WHAT THE TASK REQUIRES - In the entries below, find each line with the word "leUr" and pull it out.
START RECORDS FOR THIS TASK
Lemma maximal_separating_ideal_prime M : separating_ideal M ->
  (forall X, separating_ideal X -> (forall a, M a -> X a) -> forall a, X a -> M a) ->
  prime_ideal M.
Proof.
case=> -[M0 Mle MU] ZM MF maxM.
have MT : ~ M \top by move=> /MF; apply; case: iF.
have gen c : ~ M c -> exists d m, [/\ F d, M m & d <= m `|` c].
  move=> nMc; apply: NNPP => noF; apply: nMc.
  apply: (maxM (join_ideal M (fun x => x <= c))); last exact: join_idealr M0 (lexx c).
  - split; first exact: is_ideal_join (is_ideal_principal c).
    + by move=> a Za; apply: join_ideall; [exact: le0x | exact: ZM].
    + move=> a [m [x [Mm xc amx]]] Fa; apply: noF; exists a, m; split => //.
      by apply: le_trans amx _; apply: leU2.
  - by move=> a Ma; apply: join_ideall; [exact: le0x|].
split=> //; split=> //; split=> //; split=> //.
move=> a b Mab; apply: NNPP => /not_or_and [nMa nMb].
have [d [m [Fd Mm dma]]] := gen a nMa.
have [d' [m' [Fd' Mm' dmb]]] := gen b nMb.
apply: (MF (m `|` m' `|` (a `&` b))); first exact: MU (MU _ _ Mm Mm') Mab.
case: iF => _ Fle FI; apply: Fle (FI _ _ Fd Fd') _.
rewrite joinIr; apply: leI2.
- by apply: le_trans dma _; apply: leU2 => //; exact: leUl.
- by apply: le_trans dmb _; apply: leU2 => //; exact: leUr.
Qed.

End Separation.

Theorem prime_ideal_separation Z F : is_ideal Z -> is_filter F ->
  (forall a, Z a -> ~ F a) ->
  exists2 q, prime_ideal q & (forall a, Z a -> q a) /\ (forall a, F a -> ~ q a).
Proof.
move=> iZ iF ZF; have [M sepM maxM] := exists_maximal_separating_ideal iZ ZF.
exists M; first exact: maximal_separating_ideal_prime maxM.
by case: sepM => _ ZM MF; split => // a Fa /MF.
Qed.

Corollary prime_ideal_avoiding F : is_filter F -> ~ F \bot ->
  exists2 q, prime_ideal q & forall a, F a -> ~ q a.
Proof.
move=> iF F0; have [|q pq [_ qF]] := prime_ideal_separation (is_ideal_principal \bot) iF.
  by move=> a; rewrite lex0 => /eqP ->.
by exists q.
Qed.

Corollary prime_ideal_containing Z : is_ideal Z -> ~ Z \top ->
  exists2 q, prime_ideal q & forall a, Z a -> q a.
Proof.
move=> iZ Z1; have [|q pq [Zq _]] := prime_ideal_separation iZ (is_filter_principal \top).
  by move=> a Za; rewrite le1x => /eqP Ea; apply: Z1; rewrite -Ea.
by exists q.
Qed.

End PrimeIdealTheorem.

(** * Pseudocomplemented de Morgan algebras and their prime spectrum *)

Section PmAlgebra.
Context {disp : Order.disp_t} {L : tbDistrLatticeType disp}.
Variables (star neg : L -> L).
Hypotheses (hstar : is_pseudocomplement star) (hneg : is_deMorgan_involution neg).
Implicit Types (a b c : L) (I J K p q r s x y z : L -> Prop).

Lemma negK : involutive neg. Proof. exact: hneg.1. Qed.
Lemma neg_inj : injective neg. Proof. exact: can_inj negK. Qed.
Lemma negI a b : neg (a `&` b) = neg a `|` neg b. Proof. exact: hneg.2. Qed.
Lemma negU a b : neg (a `|` b) = neg a `&` neg b.
Proof. by apply: neg_inj; rewrite negI !negK. Qed.
Lemma le_neg a b : a <= b -> neg b <= neg a.
Proof. by move=> /meet_idPl ab; rewrite -ab negI leUr. Qed.
Lemma neg1 : neg \top = \bot.
Proof. by apply/eqP; rewrite -lex0 -[X in _ <= X](negK \bot); apply: le_neg; exact: lex1. Qed.
Lemma neg0 : neg \bot = \top. Proof. by rewrite -neg1 negK. Qed.

Lemma starP a b : a `&` b = \bot <-> b <= star a. Proof. exact: hstar. Qed.
Lemma meet_star a : a `&` star a = \bot. Proof. exact/starP. Qed.
Lemma le_star a b : a <= b -> star b <= star a.
Proof. by move=> ab; apply/starP/eqP; rewrite -lex0 -(meet_star b); apply: leI2. Qed.
Lemma star0 : star \bot = \top. Proof. by apply/eqP; rewrite -le1x -starP meet0x. Qed.

Lemma starU a b : star (a `|` b) = star a `&` star b.
Proof.
apply/le_anti; rewrite lexI !le_star ?leUl ?leUr //=; apply/starP.
by rewrite meetUl meetA meet_star meet0x (meetC (star a)) meetA meet_star meet0x joinx0.
Qed.

Lemma starI_eq a b c : star a = star b -> star (a `&` c) = star (b `&` c).
Proof.
have le_ab a' b' : star a' = star b' -> star (a' `&` c) <= star (b' `&` c).
  move=> eq_ab; apply/starP; rewrite -meetA; apply/starP.
  by rewrite -eq_ab; apply/starP; rewrite meetA; exact: meet_star.
by move=> eq_ab; apply/le_anti; rewrite !le_ab.
Qed.

Definition plus a := neg (star (neg a)).

Lemma join_plus a : a `|` plus a = \top.
Proof. by rewrite /plus -[a in a `|` _]negK -negI meet_star neg0. Qed.

Lemma plus_le a b : a `|` b = \top -> plus a <= b.
Proof. by move=> abT; rewrite /plus -[b]negK; apply/le_neg/starP; rewrite -negU abT neg1. Qed.

Lemma le_plus a b : a <= b -> plus b <= plus a.
Proof. by move=> ab; apply/le_neg/le_star/le_neg. Qed.

Lemma star_plus_le a : star (plus a) <= a.
Proof.
have -> : star (plus a) = star (plus a) `&` (a `|` plus a) by rewrite join_plus meetx1.
by rewrite meetUr (meetC _ (plus a)) meet_star joinx0 leIr.
Qed.

Definition pstar a := star (neg a).

Lemma le_pstar a b : a <= b -> pstar a <= pstar b.
Proof. by move=> ab; apply/le_star/le_neg. Qed.

Definition pstar_chain k a := pstar_iter star neg k (a `&` pstar a).

Lemma pstar_chainS k a : pstar_chain k.+1 a = pstar (pstar_chain k a).
Proof. by []. Qed.

Lemma pstar_chain_decr k a : pstar_chain k.+1 a <= pstar_chain k a.
Proof.
elim: k => [|k IHk]; last by rewrite pstar_chainS le_pstar.
rewrite pstar_chainS /pstar_chain /= lexI (le_pstar (leIl _ _)) andbT.
(* pstar (pstar a) is star (plus a) *)
exact: le_trans (le_pstar (leIr _ _)) (star_plus_le a).
Qed.

Lemma zetaK : involutive (zeta neg).
Proof. by move=> I; apply/funext => a; rewrite /zeta negK notK. Qed.

Lemma zeta_anti I J : ideal_le I J -> ideal_le (zeta neg J) (zeta neg I).
Proof. by move=> IJ a nJ /IJ. Qed.

Lemma zeta_prime I : prime_ideal I -> prime_ideal (zeta neg I).
Proof.
move=> pI; rewrite /zeta; split; [|split; [|split; [|split]]].
- by rewrite neg0; apply: prime_ideal_neqT.
- by rewrite neg1; apply; apply: prime_ideal0.
- by move=> a b nIb ab Ia; exact: nIb (prime_ideal_le pI Ia (le_neg ab)).
- by move=> a b nIa nIb; rewrite negU; apply: prime_idealI_notin.
- move=> a b; rewrite negI => nIab; apply: NNPP => /not_or_and [/NNPP Ia /NNPP Ib].
  exact: nIab (prime_idealU pI Ia Ib).
Qed.

Lemma prime_star_up r s b : prime_ideal r -> ~ r b -> ideal_le r s -> s (star b).
Proof.
move=> pr nrb rs; apply: rs; have := prime_ideal0 pr; rewrite -(meet_star b).
by case/(prime_idealI pr).
Qed.

Lemma prime_star_notin s b : prime_ideal s ->
  (forall r, prime_ideal r -> ideal_le r s -> r b) -> ~ s (star b).
Proof.
move=> ps below sb.
have [|r pr rG] := prime_ideal_avoiding
    (is_filter_meet (prime_compl_filter ps) (is_filter_principal b)).
  case=> d [c [nsd bc dc0]]; apply: nsd; apply: prime_ideal_le ps sb _; apply/starP.
  by apply/eqP; rewrite -lex0; apply: le_trans dc0; rewrite meetC; exact: leI2.
apply: (rG b); first by apply: meet_filterr; [exact: prime_ideal_neqT | exact: lexx].
apply: below => // c rc; apply: NNPP => nsc; apply: (rG c) rc.
by apply: meet_filterl; [exact: lex1 |].
Qed.

Definition star_plus_eq a b := star a = star b /\ plus a = plus b.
END RECORDS FOR THIS TASK
WRITTEN RESPONSE -
- by apply: le_trans dmb _; apply: leU2 => //; exact: leUr.
Proof. by move=> /meet_idPl ab; rewrite -ab negI leUr. Qed.
apply/le_anti; rewrite lexI !le_star ?leUl ?leUr //=; apply/starP.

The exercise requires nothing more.